- Theatrical release poster
- Directed by: T. Rajendar
- Written by: T. Rajendar
- Produced by: Usha Rajendar
- Starring: Saritha T. Rajendar Ganga Nalini
- Cinematography: Soman
- Edited by: R. Devarajan
- Music by: T. Rajendar
- Production company: Thanjai Cini Arts
- Release date: 4 March 1983;
- Running time: 141 minutes
- Country: India
- Language: Tamil

= Uyirullavarai Usha =

Uyirullavarai Usha is a 1983 Indian Tamil-language romantic action film written, directed and scored by T. Rajendar. The film stars Saritha, Rajendar, Ganga and Nalini. It is the debut for Rajendar and Nalini in leading roles. The film was released on 4 March 1983 and became a success.
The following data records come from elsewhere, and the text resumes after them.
Lemma sin_sqr_of_cos_0 psi : cos psi = 0 -> sin psi * sin psi = 1.
Proof. intros Hc; pose proof (sin2_cos2 psi) as H; unfold Rsqr in H; nra. Qed.

Lemma cos_eq_0_iff psi : - PI < psi <= PI ->
  cos psi = 0 <-> psi = PI / 2 \/ psi = - (PI / 2).
Proof.
  intros Hpsi; split.
  - intros Hc; destruct (cos_eq_0_0 _ Hc) as [k Hk]; pose proof PI_RGT_0.
    assert (Hlo : -2 < IZR k) by (apply (Rmult_lt_reg_r PI); nra).
    assert (Hhi : IZR k < 1) by (apply (Rmult_lt_reg_r PI); nra).
    apply lt_IZR in Hlo, Hhi.
    assert (k = 0 \/ k = -1)%Z as [-> | ->] by lia; [left | right]; rewrite Hk; simpl; lra.
  - intros [-> | ->]; [| rewrite cos_neg]; apply cos_PI2.
Qed.

Lemma turning_rate_eq_0_iff r a E : 0 < r -> 0 < a ->
  1 / r - 1 / a * E = 0 <-> r * E = a.
Proof.
  intros Hr Ha.
  replace (1 / r - 1 / a * E) with ((a - r * E) / (r * a)) by (field; lra).
  split; intros H.
  - enough (a - r * E = 0) by lra.
    replace (a - r * E) with ((a - r * E) / (r * a) * (r * a)) by (field; lra).
    rewrite H; ring.
  - replace (a - r * E) with 0 by lra; unfold Rdiv; ring.
Qed.

Lemma is_equilibrium_iff V Go l r psi : 0 < V -> 0 < Go ->
  is_equilibrium V Go l r psi <->
  0 < r /\ cos psi = 0 /\ r * exp (- r / l) = rho V Go.
Proof.
  intros HV HG; pose proof (rho_pos V Go HV HG) as Hrho.
  unfold is_equilibrium, fr, fpsi.
  split; intros [Hr [Hc He]]; split; auto.
  - assert (Hcos : cos psi = 0) by nra.
    assert (Hsin : sin psi <> 0) by (pose proof (sin_sqr_of_cos_0 _ Hcos); nra).
    split; auto.
    apply turning_rate_eq_0_iff; auto.
    destruct (Rmult_integral _ _ He) as [H | H]; [| contradiction].
    destruct (Rmult_integral _ _ H); auto; lra.
  - rewrite Hc; split; [ring |].
    apply (turning_rate_eq_0_iff r (rho V Go)) in He; auto.
    rewrite He; ring.
Qed.

Lemma is_eigenvalue2_antidiag b c z : is_eigenvalue2 0 b c 0 z <->
  fst z * fst z - snd z * snd z = b * c /\ fst z * snd z = 0.
Proof.
  destruct z as [x y]; unfold is_eigenvalue2, Cminus, Cplus, Copp, Cmult, RtoC; simpl.
  split.
  - intros H; injection H as H1 H2; split; nra.
  - intros [H1 H2]; f_equal; nra.
Qed.

Lemma antidiag_eigenvalues_real b c : 0 < b * c ->
  exists a a', a < 0 < a' /\
    forall z, is_eigenvalue2 0 b c 0 z <-> z = RtoC a \/ z = RtoC a'.
Proof.
  intros Hbc; set (s := sqrt (b * c)).
  assert (Hs : 0 < s) by (apply sqrt_lt_R0; auto).
  assert (Hss : s * s = b * c) by (apply sqrt_sqrt; lra).
  exists (- s), s; split; [lra |]; intros z; rewrite is_eigenvalue2_antidiag.
  destruct z as [x y]; unfold RtoC; simpl; split.
  - intros [H1 H2]; destruct (Rmult_integral _ _ H2) as [Hx | Hy]; subst; [nra |].
    assert (Hroots : (x - s) * (x + s) = 0) by nra.
    destruct (Rmult_integral _ _ Hroots); [right | left]; f_equal; lra.
  - intros [E | E]; injection E as -> ->; split; nra.
Qed.

Lemma antidiag_eigenvalues_imaginary b c : b * c < 0 ->
  exists w, 0 < w /\
    forall z, is_eigenvalue2 0 b c 0 z <-> z = (0, w) \/ z = (0, - w).
Proof.
  intros Hbc; set (s := sqrt (- (b * c))).
  assert (Hs : 0 < s) by (apply sqrt_lt_R0; lra).
  assert (Hss : s * s = - (b * c)) by (apply sqrt_sqrt; lra).
  exists s; split; [lra |]; intros z; rewrite is_eigenvalue2_antidiag.
  destruct z as [x y]; simpl; split.
  - intros [H1 H2]; destruct (Rmult_integral _ _ H2) as [Hx | Hy]; subst; [| nra].
    assert (Hroots : (y - s) * (y + s) = 0) by nra.
    destruct (Rmult_integral _ _ Hroots); [left | right]; f_equal; lra.
  - intros [E | E]; injection E as -> ->; split; nra.
Qed.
It was remade in Kannada as Premigala Saval (1984) and in Hindi as Aag Aur Shola (1986), and dubbed in Telugu as Prema Sagaram.

== Production ==
The film was originally titled Chain Jayapal, but was later retitled Uyirullavari Usha, paying homage to T. Rajendar's then wife Usha. The lead role was originally offered to Rajinikanth, who decided not to do the role, resulting in Rajendar debuting as lead actor. The film also marked the acting debut of Nalini as lead actress. Rajendar decided to cast Ganga in another leading role, at a time when other producers were reluctant to cast him in their films. The songs "Indiralogathu Sundari" and "Mogam Vandhu" were shot at Karpagam Studios.

== Soundtrack ==
The music was composed by T. Rajendar who also wrote the lyrics. The song "Vaigai Karai Katre" was written by Rajendar to convey his grief when briefly separated from Usha, who went abroad for a dance event. The title references the Vaigai River, and Usha's Madurai roots. For the dubbed Telugu version Prema Sagaram, all lyrics were written by Rajasri. The song "Indiralogathu Sundari" was later sampled by Flying Lotus for "GNG BNG" from the album Los Angeles (2008).

- Tamil

| Song | Singers | Length |
|---|---|---|
| "Adi Ennadi" | Malaysia Vasudevan | 04:35 |
| "Unnaithane" | Kalayanam, S. Janaki | 05:56 |
| "Mogam Vanthu" | S. P. Balasubrahmanyam, S. Janaki | 04:43 |
| "Indiralogathu Sundari" | S. P. Balasubrahmanyam, B.S. Sasireka | 04:43 |
| "Kat Adippom" | S. P. Balasubrahmanyam | 04:22 |
| "Vaigai Karai Katre" | K. J. Yesudas | 04:44 |
| "Ithayamathai Kovil Enren" | T. M. Soundararajan | 04:10 |

- Telugu version

| Song | Singers | Length |
|---|---|---|
| "Banthade Bangaaru" | S. P. Balasubrahmanyam | 04:38 |
| "Chakkanaina O Chirugali" | S. P. Balasubrahmanyam | 04:31 |
| "Naamam Pettu Naamam" | S. P. Balasubrahmanyam | 03:53 |
| "Nee Thalape Maikam" | S. P. Balasubrahmanyam | 05:47 |
| "Neelo Naalo" | S. P. Balasubrahmanyam, S. Janaki | 04:46 |
| "Andhalolike Sundari" | S. P. Balasubrahmanyam, S. P. Sailaja | 04:27 |
| "Hrudayamane Kovelalo" | Madhavapeddi Ramesh | 04:40 |

== Release and reception ==
Uyirullavarai Usha was released on 4 March 1983. Rajendar struggled to find a distributor for the film, with the trade blaming him of "going back to the M.G.R. era". Despite these criticisms, the film became successful at the box office. Ananda Vikatan said the film's plus points were its songs and score. Thiraignani of Kalki criticised the film for having a Oru Thalai Ragam (1980) hangover.

== Re-release ==
The film was re-released on 13 February 2026, having been delayed from September 2025.